Au vu de ces éléments, ainsi qu’en ce qui concerne l’état d’ivresse de A.) au moment des faits, contesté en appel, du résultat de l’expertise toxicologique du 13 juillet 2018, diligentée par le docteur Michel YEGLES du LNS, il a été retenu à bon escient qu’il existe des indices suffisants, que A.) a refusé d’obtempérer aux injonctions des policiers de s’arrêter, qu’il a conduit en état d’ivresse, qu’il a dépassé les vitesses réglementaires et qu’il n’a partant pas conduit raisonnablement et prudemment, de sorte qu’il a, à juste titre été renvoyé devant une chambre correctionnelle pour y répondre des préventions afférentes.

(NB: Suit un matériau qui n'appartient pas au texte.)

Lemma Cmod_pole_term_le w k : 39 * Cmod w <= beta k ->
  Cmod (pole_term w k) <= 4 * Cmod w / (beta k * beta k).
Proof.
  intro Hw. pose proof (beta_pos k) as Bp. pose proof (Cmod_ge_0 w) as Wp.
  assert (H4 : beta k * beta k / 2 <= Cmod (beta k * beta k - w * w)%C).
  { eapply Rle_trans; [|apply Cmod_sub_ge].
    rewrite <- RtoC_mult, Cmod_R, Cmod_mult, Rabs_pos_eq by nra. nra. }
  assert (Hd : (beta k * beta k - w * w)%C <> 0) by (intro E; rewrite E, Cmod_0 in H4; nra).
  unfold pole_term. rewrite Cmod_div, Cmod_RtoC_mult by lra || exact Hd.
  apply Rle_trans with (2 * Cmod w / (beta k * beta k / 2)).
  - unfold Rdiv. apply Rmult_le_compat_l; [lra|]. apply Rinv_le_contravar; nra.
  - right. field. lra.
Qed.

Lemma Cmod_dyad_dup_frac_sub_pole_le m k w :
  (k < 2 ^ m)%nat -> (1 <= k)%nat -> 39 * Cmod w <= beta k ->
  Cmod (dyad m * dup_frac (dyad m * w)%C (dyad m * beta k) - pole_term w k)%C
  <= 37 * Cmod w / (INR k * (INR k + 1)).
Proof.
  intros Hk Hk1 Hw. pose proof (Cmod_ge_0 w).
  eapply Rle_trans; [apply Cmod_triangle|]. rewrite Cmod_opp.
  pose proof (Cmod_dyad_dup_frac_le m k w Hk Hw). pose proof (Cmod_pole_term_le w k Hw).
  pose proof (div_beta_sq_le (328 * Cmod w) k Hk1 ltac:(lra)).
  assert (0 < INR k) by (apply lt_0_INR; lia).
  assert (328 * Cmod w / 9 / (INR k * (INR k + 1)) <= 37 * Cmod w / (INR k * (INR k + 1))).
  { unfold Rdiv. apply Rmult_le_compat_r; [left; apply Rinv_0_lt_compat; nra|lra]. }
  assert (324 * Cmod w / (beta k * beta k) + 4 * Cmod w / (beta k * beta k)
          = 328 * Cmod w / (beta k * beta k)) by (field; pose proof (beta_pos k); lra).
  lra.
Qed.

Lemma Cmod_pole_term_le_telescope w k : (1 <= k)%nat -> 39 * Cmod w <= beta k ->
  Cmod (pole_term w k) <= Cmod w / (INR k * (INR k + 1)).
Proof.
  intros Hk1 Hw. pose proof (Cmod_ge_0 w).
  pose proof (Cmod_pole_term_le w k Hw). pose proof (div_beta_sq_le (4 * Cmod w) k Hk1 ltac:(lra)).
  assert (0 < INR k) by (apply lt_0_INR; lia).
  assert (4 * Cmod w / 9 / (INR k * (INR k + 1)) <= Cmod w / (INR k * (INR k + 1))).
  { unfold Rdiv. apply Rmult_le_compat_r; [left; apply Rinv_0_lt_compat; nra|lra]. }
  lra.
Qed.

Lemma tail_cutoff W eps : 0 <= W -> 0 < eps ->
  exists K, (1 <= K)%nat /\ 38 * W / INR K <= eps / 2 /\
            forall k, (K <= k)%nat -> 39 * W <= beta k.
Proof.
  intros Wp He.
  assert (HW : 0 <= 76 * W / eps) by (apply Rdiv_le_0_compat; lra).
  destruct (nfloor_ex (13 * W + 76 * W / eps) ltac:(lra)) as [K0 HK0].
  exists (S K0). rewrite S_INR. split; [lia|split].
  - assert (76 * W <= eps * (INR K0 + 1)).
    { replace (76 * W) with (76 * W / eps * eps) by (field; lra). nra. }
    apply Rmult_le_reg_r with (INR K0 + 1); [lra|]. field_simplify; lra.
  - intros k Hk. pose proof (beta_ge k). apply le_INR in Hk. rewrite S_INR in Hk. lra.
Qed.

(** * Limits of complex sequences *)

Definition Clim (u : nat -> C) (L : C) : Prop :=
  is_lim_seq (fun n => fst (u n)) (fst L) /\ is_lim_seq (fun n => snd (u n)) (snd L).

Lemma Clim_ext u v L : (forall n, u n = v n) -> Clim u L -> Clim v L.
Proof.
  intros E [H1 H2]; split; eapply is_lim_seq_ext; try eassumption; intro n; simpl; rewrite E; auto.
Qed.

Lemma Clim_const L : Clim (fun _ => L) L.
Proof. split; apply is_lim_seq_const. Qed.

Lemma Clim_RtoC (r : nat -> R) (l : R) : is_lim_seq r l -> Clim (fun n => RtoC (r n)) (RtoC l).
Proof. intro H; split; [exact H | apply is_lim_seq_const]. Qed.

Lemma Clim_plus u v L1 L2 : Clim u L1 -> Clim v L2 -> Clim (fun n => u n + v n)%C (L1 + L2)%C.
Proof. intros [a b] [c d]; split; simpl; apply is_lim_seq_plus'; auto. Qed.

Lemma Clim_opp u L : Clim u L -> Clim (fun n => - u n)%C (- L)%C.
Proof. intros [a b]; split; simpl; apply (proj1 (is_lim_seq_opp _ (Finite _))); auto. Qed.

Lemma Clim_minus u v L1 L2 : Clim u L1 -> Clim v L2 -> Clim (fun n => u n - v n)%C (L1 - L2)%C.
Proof. intros Hu Hv. apply Clim_plus; auto. apply Clim_opp; auto. Qed.

Lemma Clim_mult u v L1 L2 : Clim u L1 -> Clim v L2 -> Clim (fun n => u n * v n)%C (L1 * L2)%C.
Proof.
  intros [a b] [c d]; split; simpl.
  - apply is_lim_seq_minus'; apply is_lim_seq_mult'; auto.
  - apply is_lim_seq_plus'; apply is_lim_seq_mult'; auto.
Qed.

Lemma Clim_inv u L : Clim u L -> L <> 0 -> Clim (fun n => / u n)%C (/ L)%C.
Proof.
  intros [a b] HL.
  assert (Hd : fst L ^ 2 + snd L ^ 2 <> 0).
  { intro E. apply HL. destruct L as [x y]; simpl in E.
    assert (x = 0) by nra. assert (y = 0) by nra. subst. reflexivity. }
  assert (D : is_lim_seq (fun n => fst (u n) ^ 2 + snd (u n) ^ 2) (fst L ^ 2 + snd L ^ 2)).
  { apply is_lim_seq_plus'; simpl; rewrite Rmult_1_r;
      eapply is_lim_seq_ext; try (apply is_lim_seq_mult'; eassumption); intro n; simpl; ring. }
  split; simpl; apply is_lim_seq_div'; auto. apply (proj1 (is_lim_seq_opp _ (Finite _))); auto.
Qed.

Lemma Clim_div u v L1 L2 : Clim u L1 -> Clim v L2 -> L2 <> 0 ->
  Clim (fun n => u n / v n)%C (L1 / L2)%C.
Proof. intros. apply Clim_mult; auto. apply Clim_inv; auto. Qed.

Lemma Clim_csum (f : nat -> nat -> C) (L : nat -> C) K :
  (forall k, (k < K)%nat -> Clim (fun m => f m k) (L k)) ->
  Clim (fun m => csum (f m) K) (csum L K).
Proof.
  induction K as [|K IH]; intros H; simpl; [apply Clim_const|].
  apply Clim_plus; [apply IH; intros; apply H|apply H]; lia.
Qed.

Lemma Clim_0_Cmod_le u : Clim u 0 ->
  forall eps, 0 < eps -> exists N, forall n, (N <= n)%nat -> Cmod (u n) <= eps.
Proof.
  intros [a b] eps He. apply is_lim_seq_Reals in a, b. simpl in a, b.
  destruct (a (eps / 2) ltac:(lra)) as [N1 H1]. destruct (b (eps / 2) ltac:(lra)) as [N2 H2].
  exists (max N1 N2). intros n Hn. eapply Rle_trans; [apply Cmod_le_abs_fst_snd|].
  specialize (H1 n ltac:(lia)). specialize (H2 n ltac:(lia)).
  unfold R_dist in *. rewrite Rminus_0_r in *. lra.
Qed.

Lemma is_lim_seq_dyad : is_lim_seq dyad 0.
Proof.
  apply is_lim_seq_ext with (u := fun m => / 2 * (/ 2) ^ m).
  - intro m. unfold dyad. simpl. rewrite pow_inv, Rinv_mult. reflexivity.
  - replace 0 with (/ 2 * 0) by ring. apply is_lim_seq_mult'; [apply is_lim_seq_const|].
    apply is_lim_seq_geom. rewrite Rabs_pos_eq; lra.
Qed.

Lemma is_lim_seq_diff_quot (f : R -> R) (l : R) (u : nat -> R) :
  derivable_pt_lim f 0 l -> f 0 = 0 -> is_lim_seq u 0 -> (forall n, u n <> 0) ->
  is_lim_seq (fun n => f (u n) / u n) l.
Proof.
  intros Hd H0 Hu Hn. apply is_lim_seq_Reals. apply is_lim_seq_Reals in Hu.
  intros eps He. destruct (Hd eps He) as [del Hdel].
  destruct (Hu del (cond_pos del)) as [N HN]. exists N. intros n Hn'.
  specialize (HN n Hn'). unfold R_dist in *. rewrite Rminus_0_r in HN.
  specialize (Hdel (u n) (Hn n) HN). rewrite Rplus_0_l, H0, Rminus_0_r in Hdel. exact Hdel.
Qed.

Lemma is_lim_seq_dyad_scaled (g : R -> R) a :
  continuity_pt g 0 -> is_lim_seq (fun m => g (dyad m * a)) (g 0).
Proof.
  intro Hg. apply is_lim_seq_continuous; [exact Hg|].
  replace 0 with (0 * a) by ring.
  apply is_lim_seq_mult'; [apply is_lim_seq_dyad|apply is_lim_seq_const].
Qed.

Lemma Csin_scaled_lim w : Clim (fun m => ((/ dyad m)%R * Csin (dyad m * w))%C) w.
Proof.
  destruct w as [x y].
  apply Clim_ext with (u := fun m => (sin (dyad m * x) * cosh (dyad m * y) / dyad m,
                                      cos (dyad m * x) * sinh (dyad m * y) / dyad m)).
  { intro m. unfold Csin, Cmult, Complex.RtoC, Defs.Re, Defs.Im; simpl.
    f_equal; (replace (dyad m * x - 0 * y) with (dyad m * x) by ring;
              replace (dyad m * y + 0 * x) with (dyad m * y) by ring; field; apply dyad_neq0). }
  split; simpl.
  - apply (is_lim_seq_diff_quot (fun t => sin (t * x) * cosh (t * y)));
      [|rewrite !Rmult_0_l, sin_0; ring|apply is_lim_seq_dyad|apply dyad_neq0].
    apply is_derive_Reals. unfold cosh. auto_derive; auto.
    rewrite !Rmult_0_l, sin_0, cos_0, Ropp_0, exp_0. field.
  - apply (is_lim_seq_diff_quot (fun t => cos (t * x) * sinh (t * y)));
      [|rewrite !Rmult_0_l, sinh_0; ring|apply is_lim_seq_dyad|apply dyad_neq0].
    apply is_derive_Reals. unfold sinh. auto_derive; auto.
    rewrite !Rmult_0_l, sin_0, cos_0, Ropp_0, exp_0. field.
Qed.

Lemma Ccos_scaled_lim w : Clim (fun m => Ccos (dyad m * w)%C) 1.
Proof.
  destruct w as [x y].
  assert (Lc : forall a, is_lim_seq (fun m => cos (dyad m * a)) 1).
  { intro a. rewrite <- cos_0. apply is_lim_seq_dyad_scaled, continuity_cos. }
  assert (Ls : forall a, is_lim_seq (fun m => sin (dyad m * a)) 0).
  { intro a. rewrite <- sin_0. apply is_lim_seq_dyad_scaled, continuity_sin. }
  assert (Lch : forall a, is_lim_seq (fun m => cosh (dyad m * a)) 1).
  { intro a. rewrite <- cosh_0.
    apply is_lim_seq_dyad_scaled, derivable_continuous_pt, derivable_pt_cosh. }
  assert (Lsh : forall a, is_lim_seq (fun m => sinh (dyad m * a)) 0).
  { intro a. rewrite <- sinh_0.
    apply is_lim_seq_dyad_scaled, derivable_continuous_pt, derivable_pt_sinh. }
  apply Clim_ext with (u := fun m => Ccos (dyad m * x, dyad m * y)).
  { intro m. f_equal. unfold Cmult, Complex.RtoC; simpl. f_equal; ring. }
  unfold Ccos, Defs.Re, Defs.Im. split; simpl.
  - replace 1 with (1 * 1) by ring. apply is_lim_seq_mult'; auto.
  - replace 0 with (- (0 * 0)) by ring.
    apply (proj1 (is_lim_seq_opp _ (Finite _))). apply is_lim_seq_mult'; auto.
Qed.

Lemma sin_scaled_lim c : is_lim_seq (fun m => sin (dyad m * c) / dyad m) c.
Proof.
  apply (is_lim_seq_diff_quot (fun t => sin (t * c)));
    [|rewrite Rmult_0_l, sin_0; auto|apply is_lim_seq_dyad|apply dyad_neq0].
  apply is_derive_Reals. auto_derive; auto. rewrite Rmult_0_l, cos_0. ring.
Qed.

(* Both sides vanish together through the junk value [/ 0 = 0]: no side condition on [c]. *)
Lemma scaled_dup_frac_eq t w c : t <> 0 ->
  let S := ((/ t)%R * Csin (t * w))%C in
  (t * dup_frac (t * w)%C (t * c))%C
  = (2 * (S * Ccos (t * w)%C) / ((sin (t * c) / t) * (sin (t * c) / t) - S * S))%C.
Proof.
  intros Ht S. unfold dup_frac, sin_sq_gap. rewrite Csin_double.
  assert (ES : Csin (t * w)%C = (t * S)%C).
  { unfold S. rewrite Cmult_assoc, <- RtoC_mult, Rinv_r by exact Ht. symmetry. apply Cmult_1_l. }
  assert (Ht' : (RtoC t : C) <> 0) by (apply RtoC_neq0, Ht).
  rewrite ES. clearbody S.
  set (s := Complex.RtoC (sin (t * c))). set (K := Ccos (t * w)%C). toC.
  assert (Ed : (s / t * (s / t) - S * S)%C = ((s * s - t * S * (t * S)) / (t * t))%C)
    by (field; auto).
  rewrite Ed. destruct (classic ((s * s - t * S * (t * S))%C = 0)) as [D|D].
  - assert (Z : (0 / (t * t))%C = 0) by (field; auto).
    rewrite D, Z. unfold Complex.Cdiv. rewrite Cinv_0. ring.
  - field. split; auto.
Qed.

En ce qui concerne l’homicide et les lésions involontaires, s’il est admis que la faute la plus légère suffit, encore faut-il que cette faute soit la cause de la mort ou des lésions involontaires.
Or, s’il n’est pas exigé que cette cause soit directe ou immédiate, il n’est pas moins vrai que pour le cas où la cause est indirecte ou médiate, la responsabilité de l’auteur n’est engagée qu’à condition qu’il ait pu raisonnablement prévoir les suites de sa faute (Cour, 27 novembre 1968, Pas.21, page 34, Cour, Ch.c.C, 21 décembre 2009, no 964/09).
La chambre du conseil de la Cour considère que A.), s’il pouvait prévoir que des policiers chercheraient à le suivre suite à sa fuite à l’approche du poste de contrôle, ne pouvait raisonnablement envisager que par la suite, deux véhicules de police entreraient en collision par le fait que l’un d’eux a fait demi- tour en plein milieu de la chaussée au moment-même où le véhicule le suivant accélérait. Au moment de l’accident, A.) ne se trouvait apparemment même pas dans le champ de visibilité des deux véhicules de police, mais avait quitté la route bien avant pour accéder à une station de service se trouvant en amont. Il n’aurait eu connaissance de l’accident que le lendemain matin.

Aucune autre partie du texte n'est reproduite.